LINK24NEWS-SIMALUNGUN, 65 SMP di Kabupaten Simalungun menerima dana operasional satuan pendidikan (BOSP) sebesar Rp 28.374.360.349 hingga 30 November 2023.
Baca juga : https://link24news.com/penyimpangan-dana-bosp-di-smp-negeri-2-silimakuta-kepsek-sempat-sebut-tidak-ada
Di tengah penggunaan belanja dana BOSP tersebut, SMP N 1 Tanah Jawa, SMP N 2 Tanah Jawa, SMP N 2 Raya melakukan penyimpangan. Hingga menimbulkan kebocoran keuangan negara mencapai Rp 69.716.080.
Berdasarkan data yang diperoleh link24news, Badan Pemeriksa Keuangan Perwakilan Sumatera Utara melakukan uji petik, dimana SMP N 1 Tanah Jawa pertanggungjawaban belanja dana BOSP tidak sesuai senyatanya sebesar Rp 12.405.000. Bukti pertanggungjawaban yang dilampirkan sebesar Rp 23.200.000 dan hasil konfirmasi sebesar Rp 10.795.000.
Sedangkan SMP N 2 Tanah Jawa, dana BOSP yang tidak sesuai kondisi senyatanya sebesar Rp 36.383.080. Penyimpangan tersebut berasal dari bukti pertanggung jawaban yang dilampirkan Rp 249.080.800 dan hasil konfirmasi Rp 212.697.720
Selain itu, penyimpangan di SMP N 2 Tanah Jawa juga terjadi pada pembayaran lembur operator Dapodik dan lembur operator Bos.

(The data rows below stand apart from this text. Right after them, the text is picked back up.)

(* Let $\mathbf{A}\in\mathbb{R}^{m\times n}$ with $\|\mathbf{A}\|_\infty\le1$, let $\rho>0$, and let $r(x,y)=\rho\sum_{i\in[m]}x_i\log x_i+\frac1\rho x^\top|\mathbf{A}|(y\circ y)$. Let $\delta>0$, let $\bar{x}\in\Delta^m$ have strictly positive entries, let $y\in[0,1]^n$, and let $x=\mathcal{O}_\delta(\bar{x})$. Set $\bar z=(\bar x,y)$ and $z=(x,y)$. Then for every $w\in\Delta^m\times[0,1]^n$, $$V^r_z(w)-V^r_{\bar z}(w)\le\Big(\rho+\frac8\rho\Big)m\delta.$$
   Context: Padding oracle: for $\delta>0$ and $\bar x\in\Delta^m$, $\mathcal{O}_\delta(\bar x)=\hat x/\|\hat x\|_1$ where $\hat x_i=\max(\bar x_i,\delta)$. $V^r_{z'}(w)=r(w)-r(z')-\langle\nabla r(z'),w-z'\rangle$ is the Bregman divergence, with the convention $0\log 0=0$. $\|\mathbf{A}\|_\infty=\max_i\sum_j|\mathbf{A}_{ij}|$; $|\mathbf{A}|$ is entrywise absolute value and $y\circ y$ the entrywise square; $\Delta^m$ is the probability simplex. *)

From HB Require Import structures.
From mathcomp Require Import all_boot all_order all_algebra.
From mathcomp Require Import all_classical all_reals all_analysis.
Set Implicit Arguments. Unset Strict Implicit. Unset Printing Implicit Defensive.
Import Order.TTheory GRing.Theory Num.Theory.
Local Open Scope ring_scope.

Section Defs.
Variable R : realType.

Definition normInf (m n : nat) (A : 'M[R]_(m, n)) : R :=
  \big[Num.max/0]_(i < m) \sum_(j < n) `|A i j|.

Definition simplex (m : nat) (x : 'I_m -> R) : Prop :=
  (forall i, 0 <= x i) /\ \sum_(i < m) x i = 1.

Definition unit_box (n : nat) (y : 'I_n -> R) : Prop :=
  forall j, 0 <= y j <= 1.

Definition pad (m : nat) (delta : R) (xbar : 'I_m -> R) : 'I_m -> R :=
  fun i => Num.max (xbar i) delta / \sum_(k < m) Num.max (xbar k) delta.

(* r(x,y) = rho sum_i x_i log x_i + (1/rho) x^T |A| (y o y);
   note ln 0 = 0 in MathComp-Analysis, giving the convention 0 log 0 = 0. *)
Definition rfun (m n : nat) (A : 'M[R]_(m, n)) (rho : R)
    (x : 'I_m -> R) (y : 'I_n -> R) : R :=
  rho * \sum_(i < m) x i * ln (x i)
  + rho^-1 * \sum_(i < m) \sum_(j < n) x i * `|A i j| * (y j ^+ 2).

(* partial derivatives of r (valid at points with x > 0) *)
Definition grad_x (m n : nat) (A : 'M[R]_(m, n)) (rho : R)
    (x : 'I_m -> R) (y : 'I_n -> R) (i : 'I_m) : R :=
  rho * (ln (x i) + 1) + rho^-1 * \sum_(j < n) `|A i j| * (y j ^+ 2).

Definition grad_y (m n : nat) (A : 'M[R]_(m, n)) (rho : R)
    (x : 'I_m -> R) (y : 'I_n -> R) (j : 'I_n) : R :=
  rho^-1 * (2 * \sum_(i < m) x i * `|A i j| * y j).

Definition breg (m n : nat) (A : 'M[R]_(m, n)) (rho : R)
    (x' : 'I_m -> R) (y' : 'I_n -> R) (x : 'I_m -> R) (y : 'I_n -> R) : R :=
  rfun A rho x y - rfun A rho x' y'
  - (\sum_(i < m) grad_x A rho x' y' i * (x i - x' i)
     + \sum_(j < n) grad_y A rho x' y' j * (y j - y' j)).

End Defs.

From HB Require Import structures.
From mathcomp Require Import all_boot all_order all_algebra.
From mathcomp Require Import all_classical all_reals all_analysis.
From mathcomp Require Import ring lra.
Import Order.TTheory GRing.Theory Num.Theory.
Set Implicit Arguments. Unset Strict Implicit.
Local Open Scope ring_scope.

(* The coupling term of r is linear in x and the affine part of the entropy only
   sees the mass of x, so for two simplex points with the same y the difference of
   the Bregman divergences reduces to rho <w, ln xbar - ln x> plus a y-gradient
   term linear in xbar - x.  With S = sum_i max(xbar_i, delta) in [1, 1 + m delta]
   we have x_i >= xbar_i / S, so the first part is at most rho ln S <= rho (S - 1),
   and the second is at most (2/rho) ||A||_oo ||xbar - x||_1 <= (4/rho) (S - 1).
   The bound thus even holds with 4/rho in place of 8/rho. *)

Section BregmanDifference.
Variables (R : realType) (m n : nat) (A : 'M[R]_(m, n)) (rho : R).

Definition coupling (y : 'I_n -> R) (i : 'I_m) : R :=
  \sum_(j < n) `|A i j| * y j ^+ 2.

Lemma sum_coupling (v : 'I_m -> R) (y : 'I_n -> R) :
  \sum_(i < m) \sum_(j < n) v i * `|A i j| * y j ^+ 2
  = \sum_(i < m) v i * coupling y i.
Proof.
by apply: eq_bigr => i _; rewrite mulr_sumr; apply: eq_bigr => j _; exact/esym/mulrA.
Qed.

Lemma rfun_tangent_x (x w : 'I_m -> R) (y : 'I_n -> R) :
  rfun A rho x y + \sum_(i < m) grad_x A rho x y i * (w i - x i)
  = rho * \sum_(i < m) w i * ln (x i) + rho * (\sum_(i < m) w i - \sum_(i < m) x i)
    + rho^-1 * \sum_(i < m) w i * coupling y i.
Proof.
rewrite /rfun !sum_coupling.
rewrite (_ : \sum_(i < m) grad_x A rho x y i * (w i - x i)
  = \sum_(i < m) (rho * (ln (x i) + 1) + rho^-1 * coupling y i) * (w i - x i)) //.
rewrite -!sumrB !mulr_sumr -!big_split /=.
by apply: eq_bigr => i _; ring.
Qed.

Lemma breg_sub_same_y (x x' w1 : 'I_m -> R) (y w2 : 'I_n -> R) :
  \sum_(i < m) x' i = \sum_(i < m) x i ->
  breg A rho x' y w1 w2 - breg A rho x y w1 w2
  = rho * \sum_(i < m) w1 i * (ln (x i) - ln (x' i))
    + \sum_(j < n) (grad_y A rho x y j - grad_y A rho x' y j) * (w2 j - y j).
Proof.
move=> mass_eq.
have tangent_diff := congr2 (fun a b => a - b)
  (rfun_tangent_x x w1 y) (rfun_tangent_x x' w1 y); rewrite /= mass_eq in tangent_diff.
rewrite /breg.
rewrite (_ : \sum_(i < m) w1 i * (ln (x i) - ln (x' i))
  = \sum_(i < m) w1 i * ln (x i) - \sum_(i < m) w1 i * ln (x' i));
  last by rewrite -sumrB; apply: eq_bigr => i _; rewrite mulrBr.
rewrite (_ : \sum_(j < n) (grad_y A rho x y j - grad_y A rho x' y j) * (w2 j - y j)
  = \sum_(j < n) grad_y A rho x y j * (w2 j - y j)
    - \sum_(j < n) grad_y A rho x' y j * (w2 j - y j));
  last by rewrite -sumrB; apply: eq_bigr => j _; rewrite mulrBl.
move: tangent_diff; lra.
Qed.

Lemma grad_yB (x x' : 'I_m -> R) (y : 'I_n -> R) (j : 'I_n) :
  grad_y A rho x y j - grad_y A rho x' y j
  = rho^-1 * 2 * \sum_(i < m) (x i - x' i) * `|A i j| * y j.
Proof.
rewrite /grad_y -mulrA -mulrBr -mulrBr -sumrB.
by congr (_ * (_ * _)); apply: eq_bigr => i _; rewrite !mulrBl.
Qed.

Lemma row_norm1_le_normInf (i : 'I_m) : \sum_(j < n) `|A i j| <= normInf A.
Proof. exact: (le_bigmax (0 : R) (fun i => \sum_(j < n) `|A i j|) i). Qed.

Lemma grad_yB_le (x x' : 'I_m -> R) (y w2 : 'I_n -> R) :
  0 < rho -> unit_box y -> unit_box w2 ->
  \sum_(j < n) (grad_y A rho x y j - grad_y A rho x' y j) * (w2 j - y j)
  <= rho^-1 * 2 * normInf A * \sum_(i < m) `|x i - x' i|.
Proof.
move=> rho_gt0 y_box w2_box.
have c_ge0 : 0 <= rho^-1 * 2 by rewrite mulr_ge0 // invr_ge0 ltW.
under eq_bigr => j _ do rewrite grad_yB -(mulrA (rho^-1 * 2)).
rewrite -mulr_sumr -mulrA ler_wpM2l //.
apply: (@le_trans _ _ (\sum_(j < n) \sum_(i < m) `|x i - x' i| * `|A i j|)).
  apply: ler_sum => j _; rewrite mulr_suml; apply: ler_sum => i _.
  have /andP[y0 y1] := y_box j; have /andP[w0 w1] := w2_box j.
  have step_le1 : `|y j| * `|w2 j - y j| <= 1.
    by rewrite ger0_norm //; apply: mulr_ile1 => //; rewrite ler_norml; lra.
  apply: (le_trans (ler_norm _)).
  rewrite -!mulrA !normrM normr_id mulrA -[X in _ <= X]mulr1.
  by rewrite ler_wpM2l ?mulr_ge0.
rewrite exchange_big /= mulr_sumr; apply: ler_sum => i _.
rewrite -mulr_sumr mulrC; apply: ler_wpM2r => //.
exact: row_norm1_le_normInf.
Qed.

End BregmanDifference.

Section Padding.
Variables (R : realType) (m : nat) (delta : R) (xbar : 'I_m -> R).
Hypotheses (delta_gt0 : 0 < delta) (xbar_simplex : simplex xbar).

Definition pad_mass : R := \sum_(k < m) Num.max (xbar k) delta.

Let max_delta_gt0 i : 0 < Num.max (xbar i) delta.
Proof. by rewrite lt_max delta_gt0 orbT. Qed.

Lemma pad_mass_ge1 : 1 <= pad_mass.
Proof. by rewrite -xbar_simplex.2; apply: ler_sum => i _; rewrite le_max lexx. Qed.

Lemma pad_mass_le : pad_mass <= 1 + m%:R * delta.
Proof.
have -> : 1 + m%:R * delta = \sum_(i < m) (xbar i + delta).
  by rewrite big_split /= xbar_simplex.2 sumr_const card_ord mulr_natl.
by apply: ler_sum => i _; rewrite ge_max lerDl lerDr (ltW delta_gt0) xbar_simplex.1.
Qed.

Let pad_mass_gt0 : 0 < pad_mass.
Proof. by apply: lt_le_trans pad_mass_ge1. Qed.

Lemma sum_pad : \sum_(i < m) pad delta xbar i = 1.
Proof. by rewrite /pad -mulr_suml divff // gt_eqF. Qed.

Lemma ln_sub_ln_pad (i : 'I_m) :
  0 < xbar i -> ln (xbar i) - ln (pad delta xbar i) <= pad_mass - 1.
Proof.
move=> xbar_gt0; rewrite /pad ln_div ?posrE // -/pad_mass.
have : ln (xbar i) <= ln (Num.max (xbar i) delta) by rewrite ler_ln ?posrE // le_max lexx.
have := @le_ln1Dx _ (pad_mass - 1); rewrite [1 + _]addrC subrK.
have := pad_mass_ge1; lra.
Qed.

Lemma pad_l1_dist :
  \sum_(i < m) `|xbar i - pad delta xbar i| <= 2 * (pad_mass - 1).
Proof.
have sum_shift : \sum_(i < m) (Num.max (xbar i) delta - xbar i) = pad_mass - 1.
  by rewrite sumrB -xbar_simplex.2.
have sum_shrink : \sum_(i < m) (Num.max (xbar i) delta - pad delta xbar i) = pad_mass - 1.
  by rewrite sumrB sum_pad.
rewrite mulr2n mulrDl mul1r -[X in _ <= X + _]sum_shift -sum_shrink -big_split.
apply: ler_sum => i _.
rewrite (_ : xbar i - _ = (xbar i - Num.max (xbar i) delta)
  + (Num.max (xbar i) delta - pad delta xbar i)); last by ring.
apply: (le_trans (ler_normD _ _)); rewrite distrC.
rewrite ger0_norm ?subr_ge0 ?le_max ?lexx // ger0_norm ?subr_ge0 //.
by rewrite /pad -/pad_mass ler_pdivrMr // ler_pMr // pad_mass_ge1.
Qed.

End Padding.

Lemma simplex_wsum_le (R : realType) (m : nat) (w f : 'I_m -> R) (c : R) :
  simplex w -> (forall i, f i <= c) -> \sum_(i < m) w i * f i <= c.
Proof.
move=> [w_ge0 w_sum] f_le.
rewrite -[X in _ <= X]mul1r -w_sum mulr_suml.
by apply: ler_sum => i _; rewrite ler_wpM2l.
Qed.

Theorem mainTheorem3 (R : realType) (m n : nat) (A : 'M[R]_(m, n)) (rho delta : R)
    (xbar : 'I_m -> R) (y : 'I_n -> R) (w1 : 'I_m -> R) (w2 : 'I_n -> R) :
  normInf A <= 1 -> 0 < rho -> 0 < delta ->
  simplex xbar -> (forall i, 0 < xbar i) -> unit_box y ->
  simplex w1 -> unit_box w2 ->
  breg A rho (pad delta xbar) y w1 w2 - breg A rho xbar y w1 w2
    <= (rho + 8 / rho) * m%:R * delta.
Proof.
move=> A_le1 rho_gt0 delta_gt0 xbar_sx xbar_gt0 y_box w1_sx w2_box.
rewrite breg_sub_same_y; last by rewrite sum_pad // xbar_sx.2.
set s := pad_mass delta xbar - 1.
have s_ge0 : 0 <= s by rewrite subr_ge0 pad_mass_ge1.
have s_le : s <= m%:R * delta by have := pad_mass_le delta_gt0 xbar_sx; rewrite /s; lra.
have ln_part := simplex_wsum_le w1_sx (fun i => ln_sub_ln_pad delta_gt0 xbar_sx (xbar_gt0 i)).
rewrite -/s in ln_part.
have k_gt0 : 0 < rho^-1 by rewrite invr_gt0.
have y_part : \sum_(j < n) (grad_y A rho xbar y j - grad_y A rho (pad delta xbar) y j)
    * (w2 j - y j) <= rho^-1 * 2 * 1 * (2 * s).
  apply: (le_trans (grad_yB_le A xbar (pad delta xbar) rho_gt0 y_box w2_box)).
  have two_k_ge0 : 0 <= rho^-1 * 2 by rewrite mulr_ge0 // ltW.
  apply: ler_pM.
  - by rewrite mulr_ge0 // bigmax_ge_id.
  - by rewrite sumr_ge0.
  - by rewrite ler_wpM2l.
  - exact: pad_l1_dist.
have := ler_wpM2l (ltW rho_gt0) ln_part.
have := ler_wpM2l (ltW rho_gt0) s_le.
have := ler_wpM2l (ltW k_gt0) s_le.
have := mulr_ge0 (ltW k_gt0) s_ge0.
rewrite -mulrA; lra.
Qed.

Dalam hal ini pembayaran lembur tidak sesuai juknis BOSP Rp 5.700.00.
Penyimpangan dana BOSP juga terjadi di SMP N 2 Raya. BPK Perwakilan Provinsi Sumatera Utara mencatatkan Rp 10.728.000 yang tidak sesuai kondisi senyatanya. SMP N 2 Raya melampirkan bukti pertanggungjawaban Rp 103.438.000 dan hasil pemeriksaan Rp 92.710.000. Ditambah pembayaran lembur operator BOS tidak sesuai juknis sebesar Rp 4.500.000
Ketika dikonfirmasi kepala sekolah (kepsek) SMP N 1 Tanah Jawa, Paimin Tanjung dan Kepsek SMP N 2 Tanah Jawa, Bukit Haloho kompak diam.
Layanan konfirmasi melalui aplikasi WA terhadap kedua kepala sekolah ini belum dijawab.
Sementara kepala sekolah SMP N 2 Raya, Juliaman Purba mengakui penyimpangan tersebut.
“Kami sampaikan bahwa bulan 11 tahun 2023 udah diperiksa BPK dan Inspektorat propinsi dan kami telah pengembalian,” jawab Kepsek Juliaman melalui WA, Jumat lalu (5/7/2024).